1. Trident Studios, Soho

Abbey Road la conoscono tutti. Quasi nessuno sa che "Hey Jude" fu registrata altrove — qui, in uno stretto vicolo di Soho, ai Trident Studios. I Beatles ci arrivarono nel 1968 perché Trident aveva un registratore a otto piste quando Abbey Road ne usava ancora quattro. Anche Bowie, i Queen ed Elton John incisero qui. Lo studio non c'è più, ma il vicolo e l'edificio sopravvivono, facili da superare senza accorgersene. Gratuito, pubblico. Indirizzo: 17 St Anne's Court, W1F 0BQ.

▶ The Wind Cries Mary — Jimi Hendrix

2. 23 Brook Street, Mayfair

Jimi Hendrix visse qui nel 1968-69. Il dettaglio che lascia di stucco: la casa accanto, al numero 25, era stata circa 200 anni prima la dimora del compositore George Frideric Handel. Due dei più grandi musicisti mai esistiti, vicini di casa separati solo dal tempo. Oggi è il museo Handel & Hendrix in London — ci si può entrare, e la strada è libera da percorrere. Indirizzo: 23 Brook Street, W1K 4HB.

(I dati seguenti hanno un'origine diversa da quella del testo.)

(* Let $\Delta$ be a finite set with $|\Delta|\ge2$, $\ell\ge2$, $\Omega=\Delta^\ell$, $W=\mathrm{Sym}\,\Delta\wr S_\ell$ in product action on $\Omega$, $G\le W$, and let $M$ be a minimal normal subgroup of $G$ transitive on $\Omega$, $M=T_1\times\cdots\times T_k$ with the $T_i$ isomorphic finite simple groups. Let $\Gamma$ be a connected graph with vertex set $\Omega$ with $G\le\mathrm{Aut}\,\Gamma$. Suppose $\Gamma$ is $M$-arc-transitive and the inclusion $G\le W$ is normal. Then $\Gamma\cong(\Gamma_1)^\ell$, where $\Gamma_1$ is the graph with vertex set $\Delta$ whose edge set is the $M^{(1)}$-orbit of $\{\alpha_1,\beta_1\}$, with $\alpha_1,\beta_1\in\Delta$ chosen so that $(\alpha_1,\dots,\alpha_1)$ and $(\beta_1,\beta_2,\dots,\beta_\ell)$ are adjacent in $\Gamma$ for some $\beta_2,\dots,\beta_\ell\in\Delta$. In particular, $\Gamma$ is not $(G,2)$-arc-transitive.
   Context: Product action: $(\delta_1,\dots,\delta_\ell)^{(g_1,\dots,g_\ell)h}=(\delta_{1h^{-1}}g_{1h^{-1}},\dots,\delta_{\ell h^{-1}}g_{\ell h^{-1}})$. Let $\pi:W\to S_\ell$ be the natural projection, $W_j$ the stabiliser of $j$ under $\pi$, $W_j=\mathrm{Sym}\,\Delta\times(\mathrm{Sym}\,\Delta\wr S_{\ell-1})$ with the first factor on the $j$-th coordinate; the component $H^{(j)}$ of $H\le W$ is the projection of $H\cap W_j$ onto the first factor. When $M$ is non-abelian, $M^{(j)}$ is identified with the product of those $T_i$ not in the kernel of $M\to M^{(j)}$; the inclusion $G\le W$ is normal if $M$ is non-abelian and each $T_i$ lies in exactly one $M^{(j)}$ (equivalently $M=\prod_jM^{(j)}$). The direct product $(\Gamma_1)^\ell$ has vertex set $V(\Gamma_1)^\ell$, with $(\gamma_1,\dots,\gamma_\ell)$ adjacent to $(\gamma'_1,\dots,\gamma'_\ell)$ iff $\gamma_i$ is adjacent to $\gamma'_i$ in $\Gamma_1$ for all $i$. $\Gamma$ is $M$-arc-transitive if $M$ is transitive on ordered pairs of adjacent vertices; it is $(G,2)$-arc-transitive if $G$ is transitive on $2$-arcs, i.e. sequences $(v_0,v_1,v_2)$ with $v_0\sim v_1\sim v_2$ and $v_0\ne v_2$. *)

From mathcomp Require Import all_boot all_fingroup all_solvable.
Set Implicit Arguments. Unset Strict Implicit. Unset Printing Implicit Defensive.

Local Open Scope group_scope.

Section Wreath.
Variables (D : finType) (l : nat).

(* MathComp permutations compose as right
   actions ((s * t) x = t (s x)), matching the paper's exponent notation. *)
Definition wr_act (g : {ffun 'I_l -> {perm D}}) (h : {perm 'I_l})
    (x : {ffun 'I_l -> D}) : {ffun 'I_l -> D} :=
  [ffun i => g (h^-1 i) (x (h^-1 i))].

Definition wreath_set : {set {perm {ffun 'I_l -> D}}} :=
  [set s : {perm {ffun 'I_l -> D}} | [exists g : {ffun 'I_l -> {perm D}}, exists h : {perm 'I_l},
            [forall x, s x == wr_act g h x]]].

Definition in_Wj (j : 'I_l) (s : {perm {ffun 'I_l -> D}}) : bool :=
  [exists g : {ffun 'I_l -> {perm D}}, exists h : {perm 'I_l},
     (h j == j) && [forall x, s x == wr_act g h x]].

Definition component (H : {set {perm {ffun 'I_l -> D}}}) (j : 'I_l)
    : {set {perm D}} :=
  [set p : {perm D} | [exists s in H,
      in_Wj j s && [forall x : {ffun 'I_l -> D}, s x j == p (x j)]]].

Definition base_prod (K : 'I_l -> {set {perm D}})
    : {set {perm {ffun 'I_l -> D}}} :=
  [set s : {perm {ffun 'I_l -> D}} | [exists g : {ffun 'I_l -> {perm D}},
     [forall i, g i \in K i] && [forall x, s x == wr_act g 1 x]]].

Definition normal_inclusion (M : {set {perm {ffun 'I_l -> D}}}) : Prop :=
  ~~ abelian M /\ M = base_prod (component M).

Definition pow_graph (e1 : rel D) : rel {ffun 'I_l -> D} :=
  fun x y => [forall i, e1 (x i) (y i)].

End Wreath.

Definition orbit_graph (D : finType) (H : {set {perm D}}) (a b : D) : rel D :=
  fun u v => [exists p in H,
     ((p a == u) && (p b == v)) || ((p a == v) && (p b == u))].

Definition graph_iso (V1 V2 : finType) (e1 : rel V1) (e2 : rel V2) : Prop :=
  exists f : V1 -> V2, bijective f /\ forall x y, e2 (f x) (f y) = e1 x y.

Definition is_aut (V : finType) (e : rel V) (s : {perm V}) : Prop :=
  forall x y, e (s x) (s y) = e x y.

Definition arc_transitive (V : finType) (H : {set {perm V}}) (e : rel V) : Prop :=
  forall u v u' v', e u v -> e u' v' ->
    exists2 m, m \in H & m u = u' /\ m v = v'.

Definition two_arc_transitive (V : finType) (H : {set {perm V}}) (e : rel V)
  : Prop :=
  forall u0 u1 u2 v0 v1 v2,
    e u0 u1 -> e u1 u2 -> u0 != u2 ->
    e v0 v1 -> e v1 v2 -> v0 != v2 ->
    exists2 s, s \in H & [/\ s u0 = v0, s u1 = v1 & s u2 = v2].

(* Fix an edge from (a,...,a) to b and let R_j be the graph on D whose edge set is the
   M^(j)-orbit of {a, b_j}.  As M is arc-transitive and equals the product of its
   components M^(j), the edges of Gamma are exactly the pairs that are edges of R_j in
   every coordinate j.  Minimality of M makes the image of G in S_l transitive: the
   elements of M moving only coordinates in one orbit of that image form a normal
   subgroup of G which meets M nontrivially, hence contains M, and transitivity of M
   then forces the orbit to be everything.  An element of G sending coordinate j to i
   maps R_j isomorphically onto R_i, so Gamma is isomorphic to (R_1)^l.  Finally a
   connected graph on at least three vertices has a vertex with two neighbours, so
   every R_j does; this yields two 2-arcs of Gamma with equal first two vertices whose
   last vertex agrees with the first one in all coordinates but one, respectively in
   none, and no element of the wreath product, which permutes coordinates, can map one
   to the other. *)

From mathcomp Require Import all_boot all_fingroup all_solvable.
Set Implicit Arguments. Unset Strict Implicit. Unset Printing Implicit Defensive.

Definition branching (T : finType) (e : rel T) : bool :=
  [exists w, exists n, exists n', [&& e w n, e w n' & n != n']].

Lemma branchingP (T : finType) (e : rel T) :
  reflect (exists w n n', [/\ e w n, e w n' & n != n']) (branching e).
Proof.
apply: (iffP existsP) => [[w /existsP [n /existsP [n' /and3P []]]] | [w [n [n' []]]]].
  by exists w, n, n'.
by move=> wn wn' nn'; exists w; apply/existsP; exists n; apply/existsP; exists n'; apply/and3P.
Qed.

Lemma branching_perm (T : finType) (s : {perm T}) (e1 e2 : rel T) :
  (forall u v, e1 (s u) (s v) = e2 u v) -> branching e1 = branching e2.
Proof.
move=> es; apply/branchingP/branchingP => -[w [n [n' [wn wn' nn']]]].
  exists (s^-1 w)%g, (s^-1 n)%g, (s^-1 n')%g; rewrite -!es !permKV.
  by split=> //; rewrite (inj_eq perm_inj).
by exists (s w), (s n), (s n'); rewrite !es (inj_eq perm_inj).
Qed.

Lemma orbit_graph_sym (T : finType) (H : {set {perm T}}) a b :
  symmetric (orbit_graph H a b).
Proof.
by move=> u v; apply/existsP/existsP => -[p /andP [pH o]]; exists p; rewrite pH orbC.
Qed.

Section Connectivity.
Variables (T : finType) (e : rel T).
Hypotheses (e_sym : symmetric e) (e_conn : forall x y, connect e x y).

Lemma not_branching_connect x y :
  ~~ branching e -> connect e x y -> y = x \/ e x y.
Proof.
move=> nbr /connectP [p + ->].
have nb_uniq u v v' : e u v -> e u v' -> v = v'.
  move=> uv uv'; apply/eqP; apply: contraNT nbr => vv'.
  by apply/branchingP; exists u, v, v'.
suff: forall z, z = x \/ e x z -> path e z p -> last z p = x \/ e x (last z p).
  by apply; left.
elim: p => [|w p IH] z //= xz /andP [zw pth]; apply: IH pth.
by case: xz => [<- | xz]; [right | left; apply: nb_uniq zw _; rewrite e_sym].
Qed.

▶ God Save the Queen — Sex Pistols

3. 6 Denmark Street, Soho

Denmark Street è "Tin Pan Alley", il vecchio motore della canzone britannica. Al piano di sopra del numero 6, i Sex Pistols vissero e provarono nel 1975-76 — e i disegni a biro di Johnny Rotten sulle pareti sono oggi "Grade II listed" da Historic England. Protetti per legge, come pitture rupestri. Tre porte più in là, al numero 4, i Rolling Stones incisero il loro primo album. Strada libera e pubblica. Indirizzo: 6 Denmark Street, WC2H 8LX.

▶ Keys to Your Heart — The 101'ers

4. 101 Walterton Road, Maida Vale

Prima dei Clash, Joe Strummer guidava una band di pub-rock chiamata The 101'ers — dal numero dello squat in cui vivevano. Questo indirizzo. Puoi stare davanti alla casa dove Strummer imparò a fare il frontman, il posto da cui nacquero i Clash. Una strada residenziale qualunque; ammirala dal marciapiede. Indirizzo: 101 Walterton Road, W9 3PG.

▶ Wonderwall — Oasis

5. Berwick Street, Soho

Quello scatto sfocato di due figure che si incrociano su una strada londinese, in copertina su (What's the Story) Morning Glory? degli Oasis — è Berwick Street, fotografata all'imbrunire nel 1995, allora il cuore pulsante dei negozi di dischi indipendenti di Londra. Un paio di quei negozi sono ancora aperti. Mettiti sul punto giusto e sei dentro la copertina. Strada libera e pubblica. Indirizzo: Berwick Street, W1F 0PH.

▶ Not Fade Away — The Rolling Stones

6. Eel Pie Island, Twickenham

Questo è quello che quasi nessuno conosce. Una piccola isola sul Tamigi, raggiungibile da una passerella, con un hotel che nei primi anni Sessanta fu uno dei club di R&B più scatenati di Londra. I Rolling Stones, The Who, Rod Stewart ed Eric Clapton si fecero le ossa qui. L'hotel bruciò nel 1971, ma l'isola e la sua passerella restano — un'intera scena perduta, nascosta nel fiume. Indirizzo: Eel Pie Island, Twickenham, TW1 3DY.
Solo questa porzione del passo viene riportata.